Legal Clinic
A unique aspect of the TraffLab research project is the close collaboration with the TAU Law Workers’ Rights Clinic. Led by Adv. Idit Zimmerman and Adv. Irit Ulman, the Clinic expanded its mission to become a ‘laboratory’ for the study of labor-based anti-trafficking tools, by pursuing a labor approach to trafficking in the Israeli legal context. The Clinic’s legal activity provides experiential and empirical data to answer the project’s research questions regarding the potential and the limits of labor-based tools to combat human trafficking.
Ongoing Clinical projects
Litigation
Representing migrant construction workers in a suit against their employer, a foreign construction company. The suit advances a novel claim for compensation for being employed under conditions of “precarious employment” (Ha’asaka Pog’anit - a term of art under Israeli labor law), amounting to human trafficking. The case is pending before the Tel Aviv Labor Court (no. 14051-08-18) available here. [Hebrew]
Community Building and Outreach
Producing an informational video in Chinese, explaining basic and important workers’ rights. The script is written in collaboration with a community of Chinese migrant workers based in Tel Aviv.
Organizing
We are assisting the first sex workers’ organization in Israel - [“Scarlet” in English] – Organization of Working Women - in their establishment and registration process. seeks to ensure the voice of sex workers is heard in policy processes, to fight the stigmas against sex work, and to promote sex workers’ rights.

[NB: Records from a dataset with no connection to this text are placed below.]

(* Product: bilinear extension of
   (x^a d^b)(x^c d^e) = x^a (d^b x^c) d^e
     = sum_{j>=0} (b)_j (c)_j / j! x^{a+c-j} d^{b+e-j}.
   The coefficient at (k,l) collects the terms indexed by (a,b,j), with
   c = k+j-a and e = l+j-b; for elements of PsiD this is a finite sum. *)
Definition smul (R : realType) (c d : series R) : series R :=
  fun k l => \sum_(t \in [set: int * int * nat])
    (c t.1.1 t.1.2 * d (k + t.2%:Z - t.1.1) (l + t.2%:Z - t.1.2)
       * ffact R t.1.2 t.2 * ffact R (k + t.2%:Z - t.1.1) t.2
       / (t.2`!)%:R).

(* dagger: sum C_{km} x^k d^m  |->  sum C_{km} (-d)^m x^k,
   where (-d)^m x^k = (-1)^m d^m x^k is computed with the product above. *)
Definition dagger (R : realType) (c : series R) : series R :=
  fun p q => \sum_(km \in [set: int * int])
    (c km.1 km.2 * (-1) ^ km.2 * smul (mono R 0 km.2) (mono R km.1 0) p q).

Definition ddagger (R : realType) (c : series R) : series R :=
  fun k m => c m k.

Definition sharp (R : realType) (c : series R) : series R :=
  ddagger (dagger c).

Definition is_PsiD_automorphism (R : realType) (f : series R -> series R) : Prop :=
  (forall c, PsiD c -> PsiD (f c))
  /\ (forall c d, PsiD c -> PsiD d -> f (sadd c d) = sadd (f c) (f d))
  /\ (forall (z : CC R) c, PsiD c -> f (sscale z c) = sscale z (f c))
  /\ (forall c d, PsiD c -> PsiD d -> f (smul c d) = smul (f c) (f d))
  /\ f (sone R) = sone R
  /\ (forall c d, PsiD c -> PsiD d -> f c = f d -> c = d)
  /\ (forall d, PsiD d -> exists2 c, PsiD c & f c = d).

(* The map # acts coefficientwise by
     (c^#) k m = sum_j c (m + j) (k + j) (-1)^(k + j) (k + j)_j (m + j)_j / j!,
   a finite sum for c in PsiD, so everything reduces to identities between finite
   sums of falling factorials.  Applying # twice, the inner sums collapse to the
   alternating binomial sum (1 - 1)^n, which gives (c^##) k m = (-1)^(k + m) c k m;
   hence #^4 = 1, so # is bijective.  For multiplicativity, the coefficient of
   x^k d^m in both (c d)^# and c^# d^# expands as
     sum_(a, b, n) c a b * d (m + n - a) (k + n - b) * (coefficient in k, m, a, b, n),
   and the two coefficients agree because the Chu-Vandermonde identity (and its
   inverse form) turns both into the same single sum.  Finally # sends
   x |-> d |-> -x |-> -d, so its order is exactly 4. *)

From HB Require Import structures.
From mathcomp Require Import all_boot all_order all_algebra.
From mathcomp Require Import complex.
From mathcomp Require Import boolp classical_sets functions cardinality fsbigop reals.
From mathcomp Require Import zify ring.
Import Order.TTheory GRing.Theory Num.Theory.
Local Open Scope ring_scope.
Local Open Scope classical_set_scope.

Set Implicit Arguments. Unset Strict Implicit. Unset Printing Implicit Defensive.

Lemma mulf_neq0P (R : idomainType) (x y : R) : reflect (x != 0 /\ y != 0) (x * y != 0).
Proof. by rewrite mulf_eq0 negb_or; apply: andP. Qed.

Lemma finite_int_range (lo hi : int) : finite_set [set x : int | lo <= x <= hi].
Proof.
apply: (sub_finite_set (B := (fun n : nat => lo + n%:Z) @` `I_(`|hi - lo|.+1))).
  by move=> x /= /andP[lox xhi]; exists `|x - lo|%N => /=; lia.
exact/finite_image/finite_II.
Qed.

Lemma finite_nat_le (S : set nat) N : (forall j, S j -> (j <= N)%N) -> finite_set S.
Proof. by move=> SN; apply: (sub_finite_set (B := `I_N.+1)) (finite_II _) => j /SN. Qed.

Lemma finite_fiber (I J : Type) (S : set (I * J)) (x : I) :
  finite_set S -> finite_set [set y | S (x, y)].
Proof. by move=> finS; apply: sub_finite_set (finite_image snd finS) => y Sxy; exists (x, y). Qed.

(* [\sum_(x \in [set: T]) F x] sums over the support of [F] and is [0] when that
   support is infinite, whence the finiteness hypotheses below. *)
Section FullSums.
Variable R : nmodType.

Lemma fsumT_sub (T : choiceType) (S : set T) (F : T -> R) :
  (forall x, F x != 0 -> S x) -> \sum_(x \in [set: T]) F x = \sum_(x \in S) F x.
Proof.
move=> FS; apply/esym/fsbig_widen => // x [_ /= nSx]; apply/eqP.
by apply: contraT => /FS.
Qed.

Lemma fsumT_set1 (T : choiceType) (x0 : T) (F : T -> R) :
  (forall x, x != x0 -> F x = 0) -> \sum_(x \in [set: T]) F x = F x0.
Proof.
move=> F0; rewrite (@fsumT_sub _ [set x0]) ?fsbig_set1 // => x.
by case: (eqVneq x x0) => [-> //| /F0 ->]; rewrite eqxx.
Qed.

Lemma fsumT_ord (F : nat -> R) n : (forall j, (n <= j)%N -> F j = 0) ->
  \sum_(j \in [set: nat]) F j = \sum_(j < n) F j.
Proof.
move=> F0; rewrite fsbig_ord (@fsumT_sub _ `I_n) // => j.
by rewrite /= ltnNge; apply: contraNN => /F0 ->.
Qed.

Lemma fsumTD (T : choiceType) (F G : T -> R) :
  finite_set [set x | F x != 0] -> finite_set [set x | G x != 0] ->
  \sum_(x \in [set: T]) (F x + G x) =
  \sum_(x \in [set: T]) F x + \sum_(x \in [set: T]) G x.
Proof.
move=> finF finG; set S := [set x | F x != 0] `|` [set x | G x != 0].
rewrite !(@fsumT_sub _ S) ?fsbig_split ?finite_setU // => [x|x|x] /=.
- by right.
- by left.
- by apply: contraNP => /not_orP[/negP/negPn/eqP -> /negP/negPn/eqP ->]; rewrite addr0.
Qed.

Lemma fsumT_pair (I J : choiceType) (F : I * J -> R) :
  finite_set [set x | F x != 0] ->
  \sum_(x \in [set: I * J]) F x = \sum_(i \in [set: I]) \sum_(j \in [set: J]) F (i, j).
Proof.
set S := [set x | F x != 0] => finS.
have finP : finite_set (fst @` S) by apply: finite_image.
have finQ : finite_set (snd @` S) by apply: finite_image.
rewrite (@fsumT_sub _ (fst @` S `*` snd @` S)); last first.
  by move=> x Sx; split; exists x.
rewrite (eq_fsbigr (fun x => F (x.1, x.2))); last by case.
rewrite -(pair_fsbig _ (fun i j => F (i, j))) // (@fsumT_sub _ (fst @` S)).
  apply: eq_fsbigr => i _; apply/esym/fsumT_sub => j Sij; by exists (i, j).
move=> i; apply: contraNP => nSi; apply/eqP/fsbig1 => j _.
by apply: (contra_notP _ nSi) => /eqP Fij; exists (i, j).
Qed.

Lemma fsumT_reindex (I J : choiceType) (h : I -> J) (p : pred I) (F : J -> R) :
  set_bij [set z | p z] [set: J] h ->
  \sum_(y \in [set: J]) F y = \sum_(z \in [set: I]) (if p z then F (h z) else 0).
Proof.
move=> hbij; rewrite (reindex_fsbig h _ _ _ hbij).
rewrite [RHS](@fsumT_sub _ [set z | p z]); last by move=> z /=; case: (p z); rewrite ?eqxx.
by apply: eq_fsbigr => z; rewrite in_setE /= => ->.
Qed.

Lemma fsumT_inj (I J : choiceType) (h : I -> J) (F : J -> R) :
  injective h -> (forall y, ~ range h y -> F y = 0) ->
  \sum_(y \in [set: J]) F y = \sum_(z \in [set: I]) F (h z).
Proof.
move=> hinj F0; rewrite (@fsumT_sub _ (range h)); last first.
  by move=> y; apply: contraNP => /F0 ->.
by apply: reindex_fsbig; split=> // x y _ _ /hinj.
Qed.

Lemma fsumT_antidiag (I : choiceType) (F : nat -> I -> nat -> R) :
  finite_set [set x : nat * (I * nat) | F x.1 x.2.1 x.2.2 != 0] ->
  \sum_(i \in [set: nat]) \sum_(y \in [set: I * nat]) F i y.1 y.2 =
  \sum_(y \in [set: I * nat]) \sum_(i < y.2.+1) F i y.1 (y.2 - i)%N.
Proof.
set S := [set x | _] => finS.
pose h (z : I * nat * nat) := (z.2, (z.1.1, z.1.2 - z.2)%N).
have hbij : set_bij [set z | z.2 <= z.1.2]%N [set: nat * (I * nat)] h.
  split=> //; first move=> [[x n] i] [[x' n'] i'].
    by rewrite !in_setE /= => lein lein' [eqi -> eqn]; congr (_, _, _); lia.
  by move=> [i [x j]] _; exists ((x, i + j), i)%N; rewrite /h /= ?leq_addr ?addKn.
transitivity (\sum_(x \in [set: nat * (I * nat)]) F x.1 x.2.1 x.2.2).
  by rewrite fsumT_pair //; apply: eq_fsbigr => i _; rewrite fsumT_pair //; exact: finite_fiber.
rewrite (fsumT_reindex _ hbij) fsumT_pair; last first.
  apply: (sub_finite_set (B := (fun x => ((x.2.1, x.1 + x.2.2), x.1)%N) @` S));
    last exact: finite_image.
  move=> [[x n] i] /=; case: ifP => [lein Fi|_]; last by rewrite eqxx.
  by exists (i, (x, n - i))%N; rewrite //= subnKC.
apply: eq_fsbigr => -[x n] _.
rewrite (@fsumT_ord _ n.+1) => [|j]; last by rewrite ltnNge => /negbTE ->.
by apply: eq_bigr => i _; rewrite -ltnS ltn_ord.
Qed.

End FullSums.

Lemma exchange_big_triangle (R : nmodType) (F : nat -> nat -> R) n :
  \sum_(i < n.+1) \sum_(j < (n - i).+1) F i j =
  \sum_(j < n.+1) \sum_(i < (n - j).+1) F i j.
Proof.
have triangle (G : nat -> nat -> R) : \sum_(i < n.+1) \sum_(j < (n - i).+1) G i j
    = \sum_(i < n.+1) \sum_(j < n.+1) (if (i + j <= n)%N then G i j else 0).
  apply: eq_bigr => -[i /= lein] _.
  rewrite (big_ord_widen_cond n.+1 xpredT (G i)) ?ltnS ?leq_subr // big_mkcond.
  by apply: eq_bigr => j _; rewrite /= ltnS leq_subRL.
rewrite triangle exchange_big (triangle (fun j i => F i j)) /=.
by apply: eq_bigr => j _; apply: eq_bigr => i _; rewrite addnC.
Qed.

Lemma sum_binS (R : pzSemiRingType) (g : nat -> R) n :
  \sum_(j < n.+2) 'C(n.+1, j)%:R * g j =
  \sum_(j < n.+1) 'C(n, j)%:R * g j + \sum_(j < n.+1) 'C(n, j)%:R * g j.+1.
Proof.
rewrite big_ord_recl bin0 [X in _ = X + _]big_ord_recl bin0 -addrA; congr (_ + _).
under eq_bigr => j _ do rewrite lift0 binS natrD mulrDl.
rewrite big_split /=; congr (_ + _).
by rewrite big_ord_recr /= bin_small // mul0r addr0.
Qed.

Lemma sum_alternating_bin (R : pzRingType) n :
  \sum_(j < n.+1) (-1) ^+ j * 'C(n, j)%:R = (n == 0)%:R :> R.
Proof.
have := exprBn_comm n (commr1 (1 : R)); rewrite subrr expr0n => ->.
by apply: eq_bigr => j _; rewrite !expr1n !mulr1 mulr_natr.
Qed.

Lemma natr_fact_neq0 (F : numDomainType) n : n`!%:R != 0 :> F.
Proof. by rewrite pnatr_eq0 -lt0n fact_gt0. Qed.

Lemma natr_bin_fact (F : numFieldType) n j : (j <= n)%N ->
  'C(n, j)%:R = n`!%:R / (j`!%:R * (n - j)`!%:R) :> F.
Proof. by move/bin_fact=> <-; rewrite !natrM mulfK // mulf_neq0 ?natr_fact_neq0. Qed.

Section FallingFactorial.
Variable R : comRingType.

Definition ffactr (x : R) (j : nat) : R := \prod_(i < j) (x - i%:R).

Lemma ffactr0 x : ffactr x 0 = 1.
Proof. by rewrite /ffactr big_ord0. Qed.

Lemma ffactrS x j : ffactr x j.+1 = ffactr x j * (x - j%:R).
Proof. by rewrite /ffactr big_ord_recr. Qed.

Lemma ffactrSl x j : ffactr x j.+1 = x * ffactr (x - 1) j.
Proof.
rewrite /ffactr big_ord_recl subr0; congr (_ * _); apply: eq_bigr => i _.
by rewrite lift0 mulrS opprD addrA.
Qed.

Lemma ffactrD x p q : ffactr x (p + q) = ffactr x p * ffactr (x - p%:R) q.
Proof.
elim: q => [|q IH]; first by rewrite addn0 ffactr0 mulr1.
by rewrite addnS !ffactrS IH -mulrA natrD opprD addrA.
Qed.

Lemma ffact0rS j : ffactr 0 j.+1 = 0.
Proof. by rewrite ffactrSl mul0r. Qed.

Lemma ffactr_vandermonde x y n :
  ffactr (x + y) n = \sum_(r < n.+1) 'C(n, r)%:R * (ffactr x r * ffactr y (n - r)).
Proof.
elim: n x y => [|n IH] x y; first by rewrite big_ord1 !ffactr0 bin0 !mul1r.
rewrite (sum_binS (fun r => ffactr x r * ffactr y (n.+1 - r))) ffactrSl.
have eR (j : 'I_n.+1) : 'C(n, j)%:R * (ffactr x j * ffactr y (n.+1 - j)) =
    y * ('C(n, j)%:R * (ffactr x j * ffactr (y - 1) (n - j))).
  by rewrite (@subSn j n (ltn_ord j)) ffactrSl; ring.
have eL (j : 'I_n.+1) : 'C(n, j)%:R * (ffactr x j.+1 * ffactr y (n.+1 - j.+1)) =
    x * ('C(n, j)%:R * (ffactr (x - 1) j * ffactr y (n - j))).
  by rewrite subSS ffactrSl; ring.
rewrite (eq_bigr _ (fun j _ => eR j)) (eq_bigr _ (fun j _ => eL j)).
by rewrite -!mulr_sumr -!IH addrA [x - 1 + y]addrAC mulrDl [RHS]addrC.
Qed.

Lemma ffactrB_vandermonde x y n :
  ffactr (x - y) n =
  \sum_(j < n.+1) 'C(n, j)%:R * ((-1) ^+ j * ffactr y j * ffactr (x - j%:R) (n - j)).
Proof.
elim: n x y => [|n IH] x y; first by rewrite big_ord1 !ffactr0 bin0 expr0 !mul1r.
rewrite (sum_binS (fun j => (-1) ^+ j * ffactr y j * ffactr (x - j%:R) (n.+1 - j))).
have eR (j : 'I_n.+1) :
    'C(n, j)%:R * ((-1) ^+ j * ffactr y j * ffactr (x - j%:R) (n.+1 - j)) =
    (x - n%:R) * ('C(n, j)%:R * ((-1) ^+ j * ffactr y j * ffactr (x - j%:R) (n - j))).
  by rewrite (@subSn j n (ltn_ord j)) ffactrS (@natrB _ n j (ltn_ord j)); ring.
have eL (j : 'I_n.+1) :
    'C(n, j)%:R * ((-1) ^+ j.+1 * ffactr y j.+1 * ffactr (x - j.+1%:R) (n.+1 - j.+1)) =
    - y * ('C(n, j)%:R * ((-1) ^+ j * ffactr (y - 1) j * ffactr (x - 1 - j%:R) (n - j))).
  by rewrite subSS ffactrSl exprS [j.+1%:R]mulrS opprD addrA; ring.
rewrite (eq_bigr _ (fun j _ => eR j)) (eq_bigr _ (fun j _ => eL j)).
rewrite -!mulr_sumr -!IH ffactrS opprB addrA subrK; ring.
Qed.

End FallingFactorial.

Lemma expN1zD (R : unitRingType) (m n : int) : (-1) ^ (m + n) = (-1) ^ m * (-1) ^ n :> R.
Proof. exact: exprzDr (unitrN1 R) m n. Qed.

Lemma expN1zN (R : unitRingType) (n : int) : (-1) ^ (- n) = (-1) ^ n :> R.
Proof. by rewrite -exprz_inv invrN1. Qed.

Lemma expN1z_sqr (R : unitRingType) (n : int) : (-1) ^ n * (-1) ^ n = 1 :> R.
Proof. by rewrite -{2}(expN1zN _ n) -expN1zD subrr. Qed.

Section SharpCoefficients.
Variable R : realType.
Local Notation C := (CC R).

Lemma ffact_ffactr (a : int) j : ffact R a j = ffactr (a%:~R : C) j.
Proof. by []. Qed.

Lemma mono_val k0 m0 k m :
  mono R k0 m0 k m = if (k == k0) && (m == m0) then 1 else 0.
Proof. by rewrite /mono; case: ifP. Qed.

(* (d/dx)^b x^a = sum_j reorder_coef b a j x^(a - j) (d/dx)^(b - j) *)
Definition reorder_coef (b a : int) (j : nat) : C :=
  ffact R b j * ffact R a j / j`!%:R.

Definition sharp_coef (k m : int) (j : nat) : C :=
  (-1) ^ (k + j%:Z) * reorder_coef (k + j%:Z) (m + j%:Z) j.

Lemma smulE (c d : series R) k l : smul c d k l =
  \sum_(t \in [set: int * int * nat])
    (c t.1.1 t.1.2 * d (k + t.2%:Z - t.1.1) (l + t.2%:Z - t.1.2) *
     reorder_coef t.1.2 (k + t.2%:Z - t.1.1) t.2).
Proof. by apply: eq_fsbigr => t _; rewrite /reorder_coef !mulrA. Qed.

Hotline for Employers of Migrant Care Workers
Migrant care workers in Israel are mostly employed by dependent elderly, many of whom receive a social security long term care benefit to pay for their services. Employers of migrant care workers often describe their situation as being “stuck” in the status of an employer by necessity, and not out of volition. In this sensitive dynamic, both the employers and the workers find themselves in need of assistance on various legal issues related to the employment. This understanding led to the foundation of the hotline for employers of migrant workers – an email address and a Facebook page - which is operated by the Workers’ Rights Clinic. Through the hotline, we seek to assist employers of migrant care workers, inform them about their duties toward the workers they employ and their own rights as benefit recipients, and map the challenges of employment created by governmental policies on in-home care.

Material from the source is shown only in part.